Demonstration of how to leverage Foursquare and Web Scraping using Python.

Business Problem:

Visakhapatnam also known as Vizag, is the largest city in the Indian state of Andhra Pradesh and headquarters of the Visakhapatnam district and one of the four smart cities of Andhra Pradesh. In addition having great history, Vizag also have adorable climate for being situated between the Eastern Ghats and the coast of the Bay of Bengal which makes Vizag a tourism destination for many tourists for leisure activities.

The target audience for this project are tourists, helping them to explore the city to find out what are popular venues and cityscapes such as Neighbourhoods and Landmarks on their own instead of reaching out to a travel guide which puts additional cost in their budget.

Data

This section includes description of the data and how it will be used to solve the problem.

Clearly, to solve the above business problem we need location data. What is location data? Location data is data which describes places and venues, such as their geographical location, their category, working hours, full address, and so on, such that for a given location given in the form of its geographical coordinates (or latitude and longitude values) one is able to determine what types of venues exist within a defined radius from that location.

So, for a given location you will be able to tell which place exists nearby, it may be any place which is present in the data. The location data providers are i)Foursquare, ii)Google Places, iii)Yelp.

The best way to choose a Location data providers by considering these factors:

1)Rate Limits, 2)Costs, 3)Coverage, 4)Accuracy, 5)Update Frequency. Foursquare update their data continuously, whereas other providers would update their data either daily or weekly depending on their location data.

Data Collection:

Foursquare:

But as far as this project is concerned, we will use the Foursquare location data set since their data set to be the most comprehensive so far.Also creating a developer account to use their API is quite straightforward and easiest compared to other providers. We’ll explore the so called city by leveraging location data to find out the venues.

Web Scraping:

To extract the Cityscapes i.e., Neighbourhoods and Landmarks we’ll use BeautifulSoup package a Python library for getting data out of HTML, XML, and other markup languages.

Methodology

Methodology section represents the main component of the report where we’ll identify and explore the venues and display those venues with their respective addresses, upto 10 km as well as we’ll display the Neighbourhoods and Landmarks of Visakhapatnam city.

This would enable any visitor/tourist to identify the venues he/she wants to visit on their taste.

As a first step, we will retrieve the data from Foursquare API. We extract venue information from the center of Visakhapatnam, within 10 Km range.

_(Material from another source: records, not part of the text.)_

(* Hahn-Banach applied to [p(z) = inf { r ||x|| - s : x in L', z + s v <= x on C }]. *)
Lemma separation_certificate v r : Vcoord C v -> 0 <= r ->
  (forall x s, Lp x -> 0 < s -> (forall i, C i -> s * v i <= x i) -> s <= r * N x) ->
  exists w, Kcoord C w /\ 1 <= dot w v /\ forall x, Lp x -> dot w x <= r * N x.
Proof.
move=> Vv r0 Hv.
pose S := fun z a => exists x, Lp x /\ exists s,
  (forall i, C i -> z i + s * v i <= x i) /\ r * N x - s <= a.
have [g Hg] : exists g : vec n, forall z a, S z a -> dot g z <= a.
  apply: hahn_banach.
  - move=> z; have [t Ht] := dominated_by_p z.
    exists (r * N (vscale t p)), (vscale t p); split; first exact: LpZ.
    by exists 0; split; [move=> i Ci; rewrite /vscale; have := Ht i Ci; lra | lra].
  - move=> z w a b [x [Lx [s [Hs Ha]]]] [x' [Lx' [s' [Hs' Hb]]]].
    exists (vadd x x'); split; first exact: LpD.
    exists (s + s'); split; first by move=> i Ci; rewrite /vadd; have := Hs i Ci; have := Hs' i Ci; lra.
    by have := normD HN x x'; nra.
  - move=> c z a c0 [x [Lx [s [Hs Ha]]]]; exists (vscale c x); split; first exact: LpZ.
    exists (c * s); split; first by move=> i Ci; rewrite /vscale; have := Hs i Ci; nra.
    by rewrite normZ // Rabs_pos_eq; [nra | lra].
  - move=> a [x [Lx [s [Hs Ha]]]].
    case: (Rle_or_lt s 0) => hs; first by have := norm_ge0 HN x; nra.
    have := Hv x s Lx hs (fun i Ci => ltac:(have := Hs i Ci; rewrite /vzero; lra)); lra.
have S0 : forall z, (forall i, C i -> z i <= 0) -> S z 0.
  by move=> z Hz; exists (@vzero n); split => //; exists 0; rewrite norm0 //;
    split; [move=> i Ci; rewrite /vzero; have := Hz i Ci; lra | lra].
exists (restrictC g); split; [split; first exact: restrictC_Vcoord | split].
- move=> j Cj; rewrite /restrictC; case: excluded_middle_informative => //= _.
  have Sj : S (vscale (-1) (unitv j)) 0.
    by apply: S0 => i _; rewrite /vscale /unitv; case: (i == j); lra.
  by have := Hg _ _ Sj; rewrite dotZr dot_unitv; lra.
- rewrite dot_restrictC //.
  have : S (vscale (-1) v) (-1).
    exists (@vzero n); split => //; exists 1; rewrite norm0 //.
    by split; [move=> i Ci; rewrite /vscale /vzero; lra | lra].
  by move=> /Hg; rewrite dotZr; lra.
- move=> x Lx; rewrite dot_restrictC; last exact: Lp_V.
  by apply: Hg; exists x; split => //; exists 0; split; [move=> i _; lra | lra].
Qed.

Lemma SigmaIs_intro Nn Nt r v :
  Kcoord C v -> Nt v = 1 -> (exists x, Lp x /\ Nn x <= 1 /\ LambdaIs (Kcoord C) v x r) ->
  (forall x b, Lp x -> Nn x <= 1 -> LambdaIs (Kcoord C) v x b -> b <= r) ->
  (forall v, Kcoord C v -> Nt v = 1 ->
     exists x b, Lp x /\ Nn x <= 1 /\ LambdaIs (Kcoord C) v x b /\ r <= b) ->
  SigmaIs (Kcoord C) Lp Nn Nt r.
Proof.
move=> Kv Nv [x [Lx [Nx Hx]]] Hub Hlb; split.
  exists v; split; [|split; [|split]] => //; first by exists x.
  by move=> b [x' [Lx' [Nx' Hb]]]; apply: Hub Hb.
move=> a [v' [Kv' [Nv' [_ Ha]]]].
have [x' [b [Lx' [Nx' [Hb rb]]]]] := Hlb v' Kv' Nv'.
have : b <= a by apply: Ha; exists x'.
lra.
Qed.

Lemma NuIs_intro Nn Nt r :
  (forall u y a, Kcoord C u -> (forall x, Lp x -> dot x y = 0) ->
     DualNormIs (Vcoord C) Nt u 1 -> DualNormIs (Vcoord C) Nn (vsub u y) a -> r <= a) ->
  (exists u y d, Kcoord C u /\ Vcoord C y /\ (forall x, Lp x -> dot x y = 0) /\
     DualNormIs (Vcoord C) Nt u 1 /\ DualNormIs (Vcoord C) Nn (vsub u y) d /\ d <= r) ->
  NuIs (Vcoord C) (Kcoord C) Lp Nn Nt r.
Proof.
move=> Hlb [u [y [d [Ku [Vy [Hy [Hu [Hd dr]]]]]]]]; split.
  have -> : r = d by have := Hlb u y d Ku Hy Hu Hd; lra.
  by exists u, y; split; [|split; [|split; [|split]]].
by move=> a [u' [y' [Ku' [_ [Hy' [Hu' Ha]]]]]]; apply: Hlb Ha.
Qed.

Lemma minC_exists x : exists a, IsMin (fun c => exists i, C i /\ c = x i) a.
Proof.
have [j [Cj Hj]] := exists_min_on Ci0 x; exists (x j); split; first by exists j.
by move=> c [i [Ci ->]]; apply: Hj.
Qed.

Definition minC (x : vec n) : R := proj1_sig (constructive_indefinite_description _ (minC_exists x)).

Lemma minC_spec x : IsMin (fun c => exists i, C i /\ c = x i) (minC x).
Proof. by rewrite /minC; case: constructive_indefinite_description. Qed.

Lemma minC_le x i : C i -> minC x <= x i.
Proof. by move=> Ci; case: (minC_spec x) => _; apply; exists i. Qed.

Lemma minC_attained x : exists i, C i /\ minC x = x i.
Proof. by case: (minC_spec x). Qed.

Lemma minC_ge x t : (forall i, C i -> t <= x i) -> t <= minC x.
Proof. by move=> H; have [i [Ci ->]] := minC_attained x; auto. Qed.

Lemma Lipschitz_minC : Lipschitz minC.
Proof.
exists 1 => x y d d0 H; rewrite Rmult_1_l; apply: Rabs_le; split.
- have [i [Ci ->]] := minC_attained y; have := minC_le x Ci; have := H i.
  by have := Rle_abs (- (y i - x i)); rewrite Rabs_Ropp; lra.
- have [i [Ci ->]] := minC_attained x; have := minC_le y Ci; have := H i.
  by have := Rle_abs (y i - x i); lra.
Qed.

Lemma minCZ c x : 0 < c -> minC (vscale c x) = c * minC x.
Proof.
move=> c0; apply: Rle_antisym.
  by have [i [Ci ->]] := minC_attained x; have := minC_le (vscale c x) Ci; rewrite /vscale; lra.
apply: minC_ge => i Ci; rewrite /vscale; apply: Rmult_le_compat_l; [lra | exact: minC_le].
Qed.

Lemma dual_norm_inf_Kcoord u : Kcoord C u ->
  DualNormIs (Vcoord C) (@norm_inf n) u (\big[Rplus/0]_(i < n) u i).
Proof.
move=> [Vu Ku]; split.
  exists indC; split; first exact: (proj1 indC_Kcoord).
  by split; [exact: norm_inf_indC | rewrite sum_Vcoord].
move=> a [x [Vx [Nx ->]]]; apply: Rsum_le => i.
case: (classic (C i)) => Ci; last by rewrite Vu //; lra.
by have := norm_inf_ge x i; rewrite Nx => h; have := Rle_abs (x i); have := Ku i Ci; nra.
Qed.

Section MaxMin.
Variable xs : vec n.
Hypothesis xs_unit : unit_cone xs.
Hypothesis xs_max : forall y, unit_cone y -> minC y <= minC xs.

Lemma maxmin_ge0 : 0 <= minC xs.
Proof. by have [j [Cj ->]] := minC_attained xs; case: xs_unit => _ [[_ Kx] _]; apply: Kx. Qed.

Lemma minC_le_maxmin x : Lp x -> minC x <= minC xs * N x.
Proof.
move=> Lx; case: (Rle_or_lt (minC x) 0) => h.
  by have := norm_ge0 HN x; have := maxmin_ge0; nra.
have Kx : Kcoord C x by split; [exact: Lp_V | move=> i Ci; have := minC_le x Ci; lra].
have [j [Cj Ej]] := minC_attained x.
apply: (homogeneous_le HN (P := fun x => Lp x /\ Kcoord C x)) => //.
- by move=> t y t0 [Ly Ky]; split; [exact: LpZ | apply: KcoordZ => //; lra].
- by move=> t y t0; exact: minCZ.
- by move=> y [Ly Ky] Ny; apply: xs_max.
- by apply: (norm_gt0 HN (i := j)); lra.
Qed.

Lemma lambda_indC x : Lp x -> LambdaIs (Kcoord C) indC x (minC x).
Proof.
move=> Lx; split.
  move=> s [_ Hs]; have [j [Cj ->]] := minC_attained x.
  by have := Hs j Cj; rewrite /vsub /vscale indC_C //; lra.
move=> b Hb; apply: Hb; split.
  by move=> i nC; rewrite /vsub /vscale (Lp_V Lx nC) (proj1 indC_Kcoord i nC); ring.
by move=> i Ci; rewrite /vsub /vscale indC_C //; have := minC_le x Ci; lra.
Qed.

Lemma sigma_maxmin : SigmaIs (Kcoord C) Lp N (@norm_inf n) (minC xs).
Proof.
case: (xs_unit) => Lxs [Kxs Nxs].
apply: (SigmaIs_intro (v := indC)); [exact: indC_Kcoord | exact: norm_inf_indC | | |].
- by exists xs; split => //; split; [lra | exact: lambda_indC].
- move=> x b Lx Nx Hb; rewrite (is_lub_unique Hb (lambda_indC Lx)).
  by have := minC_le_maxmin Lx; have := maxmin_ge0; have := norm_ge0 HN x; nra.
- move=> v Kv Nv.
  have [j Hj] := norm_inf_attained i0 v; rewrite Nv in Hj.
  have [b [Hb Rb]] : exists b, LambdaIs (Kcoord C) v xs b /\ minC xs <= b.
    apply: lambda_exists_ge; last first.
      exists j; case: (classic (C j)) => Cj; last by move: Hj; rewrite (proj1 Kv j Cj) Rabs_R0; lra.
      by split => //; rewrite Rabs_pos_eq in Hj; [lra | exact: (proj2 Kv)].
    split; first by move=> i nC; rewrite /vsub /vscale (Lp_V Lxs nC) (proj1 Kv i nC); ring.
    move=> i Ci; rewrite /vsub /vscale; have := minC_le xs Ci; have := maxmin_ge0.
    have := norm_inf_ge v i; rewrite Nv Rabs_pos_eq; last exact: (proj2 Kv).
    by have := proj2 Kv i Ci; nra.
  by exists xs, b; split; [|split; [lra|split]].
Qed.

Lemma nu_maxmin : NuIs (Vcoord C) (Kcoord C) Lp N (@norm_inf n) (minC xs).
Proof.
case: (xs_unit) => Lxs [Kxs Nxs].
apply: NuIs_intro.
  move=> u y a Ku Hy Hu; apply: (nu_value_ge Lxs Nxs _ Hy).
  rewrite -[minC xs]Rmult_1_r (IsMax_unique Hu (dual_norm_inf_Kcoord Ku)) big_distrr.
  apply: Rsum_le => i /=; case: (classic (C i)) => Ci; last by rewrite (proj1 Ku i Ci); lra.
  by have := minC_le xs Ci; have := proj2 Ku i Ci; nra.
have [w [Kw [w1 Hw]]] : exists w, Kcoord C w /\ 1 <= dot w indC /\
    forall x, Lp x -> dot w x <= minC xs * N x.
  apply: separation_certificate; [exact: (proj1 indC_Kcoord) | exact: maxmin_ge0 |].
  move=> x s Lx s0 Hs; apply: Rle_trans (minC_le_maxmin Lx).
  by apply: minC_ge => i Ci; have := Hs i Ci; rewrite indC_C //; lra.
rewrite -sum_Vcoord in w1; last exact: (proj1 Kw).
have [y [d [Vy [Hy [Hd dR]]]]] := nu_value_le Kw maxmin_ge0 w1 Hw.
pose sw := \big[Rplus/0]_(i < n) w i.
have isw : 0 <= / sw by apply: Rlt_le; apply: Rinv_0_lt_compat; rewrite /sw; lra.
exists (vscale (/ sw) w), y, d; split; [exact: KcoordZ | split; [|split; [|split]]] => //.
have := dual_norm_inf_Kcoord (KcoordZ isw Kw).
by rewrite /vscale -big_distrr /= Rinv_l //; rewrite /sw; lra.
Qed.

Lemma rhs_maxmin : RhsMaxMin M C N (minC xs).
Proof.
split.
  have [Mx [nx Nx]] := proj1 (unit_cone_M xs) xs_unit.
  by exists xs; split; [|split; [|split]] => //; exact: minC_spec.
move=> a [x [Mx [nx [Nx Ha]]]]; rewrite (IsMin_unique Ha (minC_spec x)).
by apply: xs_max; apply/unit_cone_M.
Qed.

End MaxMin.

Lemma sup_norm_case : exists r, SigmaIs (Kcoord C) Lp N (@norm_inf n) r /\
  NuIs (Vcoord C) (Kcoord C) Lp N (@norm_inf n) r /\ RhsMaxMin M C N r.
Proof.
have [xs [Hxs Hmax]] := unit_cone_max Lipschitz_minC.
by exists (minC xs); split; [|split]; [exact: sigma_maxmin | exact: nu_maxmin | exact: rhs_maxmin].
Qed.


Lemma norm_1_unitv (j : 'I_n) : norm_1 (unitv j) = 1.
Proof.
rewrite /norm_1 (Rsum_only (j := j)) /unitv ?eqxx ?Rabs_R1 //.
by move=> i /eqP /negbTE ->; rewrite Rabs_R0.
Qed.

Lemma dual_norm_1_Kcoord u j : Kcoord C u -> C j -> (forall i, C i -> u i <= u j) ->
  DualNormIs (Vcoord C) (@norm_1 n) u (u j).
Proof.
move=> [Vu Ku] Cj Hj; split.
  exists (unitv j); split; first exact: (proj1 (unitv_Kcoord Cj)).
  by rewrite norm_1_unitv dot_unitv.
move=> a [x [Vx [Nx ->]]]; rewrite -[u j]Rmult_1_r -Nx /norm_1 big_distrr.
apply: Rsum_le => i /=; have := Rabs_pos (x i); have := Rle_abs (x i); have := Ku j Cj.
case: (classic (C i)) => Ci; last by rewrite (Vu i Ci); nra.
by have := Hj i Ci; have := Ku i Ci; nra.
Qed.

Lemma lambda_unitv j x : C j -> Lp x -> Defs.nonneg x -> LambdaIs (Kcoord C) (unitv j) x (x j).
Proof.
move=> Cj Lx nx; split.
  by move=> s [_ Hs]; have := Hs j Cj; rewrite /vsub /vscale /unitv eqxx; lra.
move=> b Hb; apply: Hb; split.
  by move=> i nC; rewrite /vsub /vscale (Lp_V Lx nC) (proj1 (unitv_Kcoord Cj) i nC); ring.
move=> i Ci; rewrite /vsub /vscale /unitv; case: eqP => [->|_]; first lra.
by have := nx i; lra.
Qed.

Section MinMax.
Variable xm : 'I_n -> vec n.
Hypothesis xm_unit : forall j, unit_cone (xm j).
Hypothesis xm_max : forall j y, unit_cone y -> y j <= xm j j.
Variable ist : 'I_n.
Hypothesis C_ist : C ist.
Hypothesis ist_min : forall i, C i -> xm ist ist <= xm i i.

Lemma coord_le_max_norm j x : Lp x -> Kcoord C x -> x j <= xm j j * N x.
Proof.
move=> Lx Kx; case: (norm_ge0 HN x) => Nx; last first.
  by rewrite (norm_eq0_vzero HN (esym Nx)) norm0 // /vzero; lra.
apply: (homogeneous_le HN (P := fun x => Lp x /\ Kcoord C x) (f := fun y => y j)) => //.
- by move=> t y t0 [Ly Ky]; split; [exact: LpZ | apply: KcoordZ => //; lra].
- by move=> y [Ly Ky] Ny; apply: xm_max.
Qed.

Lemma minmax_ge0 : 0 <= xm ist ist.
Proof. by case: (xm_unit ist) => _ [[_ K] _]; apply: K. Qed.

Secondly, we will extract data cityscapes i.e., Neighbourhoods and Landmarks from wikipedia page: http://en.wikipedia.org/wiki/Visakhapatnam

Next, we’ll display places where venues are located and cityscapes so that any visitor can go to any place and enjoy the option to explore many venues and places on his/her own without the need of reaching out for a tourist guide.

Finally, we’ll impose Venues and cityscapes on the Visakhapatnam map.

We’ll perform exploratory data analysis to find out the popular restaurants and category of the restaurants.

Before we start with the main content, let’s download all the dependencies that we will need.

We begin by displaying geographical coordinates of the Visakhapatnam by using geocoder and nominatim to convert an address to it’s respective latitude and longitude.

We can examine the Visakhapatnam map using Folium: a map rendering library which will impose Venues and address on top of it.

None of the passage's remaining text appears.